Developing a service implementation class

We will now develop the implementation class that will realize our OrderProcess SEI. We will name this implementation class OrderProcessImpl. The following code illustrates the service implementation class OrderProcessImpl:

@WebService
public class OrderProcessImpl implements OrderProcess {
public String processOrder(Order order) {
String orderID = validate(order);
return orderID;
}
/**
* Validates the order and returns the order ID
**/
private String validate(Order order) {
String custID = order.getCustomerID();
String itemID = order.getItemID();
int qty = order.getQty();
double price = order.getPrice();
if (custID != null && itemID != null && !custID.equals("")
&& !itemID.equals("") && qty > 0
&& price > 0.0) {
return "ORD1234";
}
return null;
}
}

As we can see from the preceding code, our implementation class OrderProcessImpl is pretty straightforward. It also has @WebService annotation defined above the class declaration. The class OrderProcessImpl implements OrderProcess SEI. The class implements the processOrder method. The processOrder method checks for the validity of the order by invoking the validate method. The validate method checks whether the Order bean has all the relevant properties valid and not null.

It is recommended that developers explicitly implement OrderProcess SEI, though it may not be necessary. This can minimize coding errors by ensuring that the methods are implemented as defined.

Next we will look at how to publish the OrderProcess JAX-WS web service using Spring configuration.

 

Spring-based server bean

What makes CXF the obvious choice as a web service framework is its use of Spring-based configuration files to publish web service endpoints. It is the use of such configuration files that makes the development of web service convenient and easy with CXF.
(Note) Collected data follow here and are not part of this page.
Lemma edge_coordsB a c p :
  edge_coords (a - c) p = edge_coords a p - edge_coords c p.
Proof.
rewrite /edge_coords; case: unlift => [i|]; first by rewrite !mxE opprD.
by under eq_bigr => ? _ do rewrite !mxE; rewrite sumrB.
Qed.

Lemma qform_banana a : qform (banana_Q R g) a = \sum_p edge_coords a p ^+ 2.
Proof.
have row_sum i : \sum_j a i 0 * banana_Q R g i j * a j 0 =
                 a i 0 * \sum_j a j 0 + a i 0 ^+ 2.
  rewrite mulr_sumr (bigD1 i) //= [X in _ = X + _](bigD1 i) //= mxE eqxx.
  under eq_bigr => j /negbTE ji do rewrite mxE eq_sym ji mulr1.
  ring.
rewrite /qform big_ord_recl edge_coords0.
under eq_bigr => ? _ do rewrite row_sum.
under [X in _ = _ + X]eq_bigr => ? _ do rewrite edge_coords_lift sqrrN.
by rewrite big_split /= -mulr_suml expr2.
Qed.

Lemma edge_coords_int (c : 'I_g -> int) p :
  exists k : int, edge_coords (\col_i (c i)%:~R) p = k%:~R.
Proof.
case: (unliftP ord0 p) => [i ->|->].
  by exists (- c i); rewrite edge_coords_lift mxE intrN.
exists (\sum_i c i); rewrite edge_coords0 rmorph_sum /=.
by under eq_bigr => ? _ do rewrite mxE.
Qed.

Lemma edge_coords_delta p q : exists c : 'I_g -> int,
  forall r, edge_coords (\col_i (c i)%:~R) r = (r == p)%:R - (r == q)%:R.
Proof.
exists (fun i => (lift ord0 i == q)%:Z - (lift ord0 i == p)%:Z) => r.
have col_delta (i : 'I_g) : ((lift ord0 i == q)%:Z - (lift ord0 i == p)%:Z)%:~R =
                   (lift ord0 i == q)%:R - (lift ord0 i == p)%:R :> R.
  by rewrite intrB !pmulrn.
case: (unliftP ord0 r) => [i ->|->].
  by rewrite edge_coords_lift mxE col_delta opprB.
rewrite edge_coords0; under eq_bigr => ? _ do rewrite mxE col_delta.
have sum_delta (s : 'I_g.+1) : \sum_i (lift ord0 i == s)%:R = 1 - (ord0 == s)%:R :> R.
  have : \sum_(t < g.+1) (t == s)%:R = 1 :> R.
    by rewrite (bigD1 s) //= eqxx big1 ?addr0 // => t /negbTE ->.
  rewrite big_ord_recl; lra.
by rewrite sumrB !sum_delta; lra.
Qed.

End EdgeCoordinates.

Section Projection.
Variables (R : realType) (g : nat).
Implicit Types (y z : 'I_g.+1 -> R) (a : 'cV[R]_g).

Definition mean y : R := (\sum_p y p) / g.+1%:R.

Definition proj y : 'cV[R]_g := \col_i (mean y - y (lift ord0 i)).

Lemma edge_coords_proj y p : edge_coords (proj y) p = y p - mean y.
Proof.
have sum_y : \sum_p y p = g.+1%:R * mean y by rewrite mulrC divfK ?pnatr_eq0.
case: (unliftP ord0 p) => [i ->|->]; first by rewrite edge_coords_lift mxE opprB.
rewrite edge_coords0; under eq_bigr => i _ do rewrite mxE.
move: sum_y; rewrite big_ord_recl sumrB sumr_const card_ord -mulr_natl -natr1.
lra.
Qed.

Lemma proj_edge_coords a : proj (edge_coords a) = a.
Proof.
have mean0 : mean (edge_coords a) = 0 by rewrite /mean sum_edge_coords mul0r.
by apply/matrixP => i j; rewrite ord1 mxE mean0 edge_coords_lift sub0r opprK.
Qed.

Lemma proj_eq y z : proj y = proj z -> forall p, y p = z p + (mean y - mean z).
Proof.
by move=> yz p; have := edge_coords_proj z p; rewrite -yz edge_coords_proj; lra.
Qed.

Lemma proj_shift y c : proj (fun p => y p + c) = proj y.
Proof.
apply/matrixP => i j; rewrite !mxE /mean big_split sumr_const card_ord /=.
by rewrite mulrDl -[c *+ _]mulr_natr mulfK ?pnatr_eq0 //; ring.
Qed.

Lemma proj_eq0 y : proj y = 0 -> forall p, y p = mean y.
Proof.
move=> y0 p; have := edge_coords_proj y p; rewrite y0 /edge_coords.
case: unlift => [i|]; first by rewrite mxE oppr0; lra.
by rewrite big1 => [|i _]; rewrite ?mxE //; lra.
Qed.

Lemma projD y z : proj (fun p => y p + z p) = proj y + proj z.
Proof. by apply/matrixP => i j; rewrite !mxE /mean big_split /= mulrDl; ring. Qed.

Lemma proj_sum m (t : 'I_m -> R) (e : 'I_m -> 'I_g.+1 -> R) :
  proj (fun p => \sum_r t r * e r p) = \sum_r t r *: proj (e r).
Proof.
apply/matrixP => i j; rewrite !mxE summxE /mean exchange_big /=.
under [RHS]eq_bigr => r _ do rewrite !mxE /mean mulrBr mulrA.
rewrite sumrB -mulr_suml; congr (_ / _ - _).
by apply: eq_bigr => r _; rewrite mulr_sumr.
Qed.

End Projection.

Arguments mean {R g}.
Arguments proj {R g}.

Section VoronoiCell.
Variables (R : realType) (g : nat).
Implicit Types (a : 'cV[R]_g).

Lemma voronoi_bananaP a : voronoi (banana_Q R g) a <->
  forall c : 'I_g -> int, let z := edge_coords (\col_i (c i)%:~R : 'cV[R]_g) in
    2 * \sum_p edge_coords a p * z p <= \sum_p z p ^+ 2.
Proof.
have expand c : qform (banana_Q R g) (a - c) = qform (banana_Q R g) a
    - 2 * \sum_p edge_coords a p * edge_coords c p + \sum_p edge_coords c p ^+ 2.
  rewrite !qform_banana mulr_sumr -sumrB -big_split /=.
  by apply: eq_bigr => p _; rewrite edge_coordsB; ring.
by split=> aV c; have := aV c; rewrite /= expand; lra.
Qed.

Lemma voronoi_edge_coords_diff a p q :
  voronoi (banana_Q R g) a -> edge_coords a p - edge_coords a q <= 1.
Proof.
move=> /voronoi_bananaP aV; have [->|pq] := eqVneq p q; first by rewrite subrr ler01.
have [c cE] := edge_coords_delta R p q; move: (aV c) => /=.
have sum_delta (F : 'I_g.+1 -> R) s : \sum_r F r * (r == s)%:R = F s.
  by rewrite (bigD1 s) //= eqxx mulr1 big1 ?addr0 // => r /negbTE ->; rewrite mulr0.
under eq_bigr => r _ do rewrite cE mulrBr.
under [X in _ <= X]eq_bigr => r _ do rewrite cE expr2 mulrBr.
have qp : (q == p) = false by rewrite eq_sym (negbTE pq).
rewrite !sumrB !sum_delta !eqxx (negbTE pq) qp /=; lra.
Qed.

Lemma voronoi_proj_cube : voronoi (banana_Q R g) = proj @` cube.
Proof.
apply/seteqP; split=> [a aV | _ [y yC <-]].
  set x := edge_coords a.
  have [q _ qmin] := @arg_minP _ _ _ ord0 predT x isT.
  exists (fun p => x p - x q); last by rewrite proj_shift proj_edge_coords.
  by move=> p; rewrite subr_ge0 qmin //= voronoi_edge_coords_diff.
apply/voronoi_bananaP => c /=; set z := edge_coords (\col_i _).
have z0 : \sum_p z p = 0 by apply: sum_edge_coords.
have -> : \sum_p edge_coords (proj y) p * z p = \sum_p y p * z p.
  under eq_bigr => p _ do rewrite edge_coords_proj mulrBl.
  by rewrite sumrB -mulr_sumr z0 mulr0 subr0.
suff : 2 * \sum_p y p * z p <= \sum_p (z p ^+ 2 + z p).
  by rewrite big_split /= z0 addr0.
rewrite mulr_sumr; apply: ler_sum => p _.
have [k zk] := edge_coords_int R c p.
by rewrite /z zk mulrA le_int_sqrD.
Qed.

End VoronoiCell.

Section ProjCubeFaces.
Variables (R : realType) (g : nat).
Implicit Types (c x : 'cV[R]_g) (F : set 'cV[R]_g) (y w : 'I_g.+1 -> R).
Implicit Types (H L : {set 'I_g.+1}).

Local Notation proj_face H L := (@proj R g @` cube_face H L).

Definition proj_adjoint c p : R :=
  (\sum_i c i 0) / g.+1%:R - (if unlift ord0 p is Some i then c i 0 else 0).

Lemma proj_adjoint0 c : proj_adjoint c ord0 = (\sum_i c i 0) / g.+1%:R.
Proof. by rewrite /proj_adjoint unlift_none subr0. Qed.

Lemma proj_adjoint_lift c i :
  proj_adjoint c (lift ord0 i) = (\sum_i c i 0) / g.+1%:R - c i 0.
Proof. by rewrite /proj_adjoint liftK. Qed.

Lemma dotv_proj c y : dotv c (proj y) = \sum_p proj_adjoint c p * y p.
Proof.
rewrite /dotv big_ord_recl.
under [in RHS]eq_bigr => i _ do rewrite proj_adjoint_lift mulrBl.
under [in LHS]eq_bigr => i _ do rewrite mxE mulrBr.
rewrite proj_adjoint0 !sumrB -mulr_suml -mulr_sumr /mean big_ord_recl; ring.
Qed.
Spring provides a lightweight container which works on the concept of Inversion of Control (IoC) or Dependency Injection (DI) architecture; it does so through the implementation of a configuration file that defines Java beans and its dependencies. By using Spring you can abstract and wire all the class dependencies in a single configuration file. The configuration file is often referred to as an Application Context or Bean Context file.

We will create a server side Spring-based configuration file and name it as beans.xml. The following code illustrates the beans.xml configuration file:


<beans


xsi_schemaLocation="
http://www.springframework.org/schema/beans
http://www.springframework.org/schema/beans/spring-beans.xsd
http://cxf.apache.org/jaxws
http://cxf.apache.org/schemas/jaxws.xsd">
<import resource="classpath:META-INF/cxf/cxf.xml" />
<import resource="classpath:META-INF/cxf/cxf-extension- soap.xml" />
<import resource="classpath:META-INF/cxf/cxf-servlet.xml" />
<jaxws:endpoint
id="orderProcess"
implementor="demo.order.OrderProcessImpl"
address="/OrderProcess" />
</beans>

Let’s examine the previous code and understand what it really means. It first defines the necessary namespaces. It then defines a series of <import> statements. It imports cxf.xml, cxf-extension-soap.xml, and cxf-servlet.xml. These files are Springbased configuration files that define core components of CXF. They are used to kick start CXF runtime and load the necessary infrastructure objects such as WSDL manager, conduit manager, destination factory manager, and so on.

The <jaxws:endpoint> element in the beans.xml file specifies the OrderProcess web service as a JAX-WS  endpoint. The element is defined with the following three attributes:

  • id—specifies a unique identifier for a bean. In this case, jaxws:endpoint is a bean, and the id name is orderProcess.
  • implementor— specifies the actual web service implementation class. In this case, our implementor class is OrderProcessImpl.
  • address— specifies the URL address where the endpoint is to be published. The URL address must to be relative to the web context. For our example, the endpoint will be published using the relative path /OrderProcess.

The <jaxws:endpoint> element signifies that the CXF internally uses JAX-WS frontend to publish the web service. This element definition provides a short and convenient way to publish a web service. A developer need not have to write any Java class to publish a web service.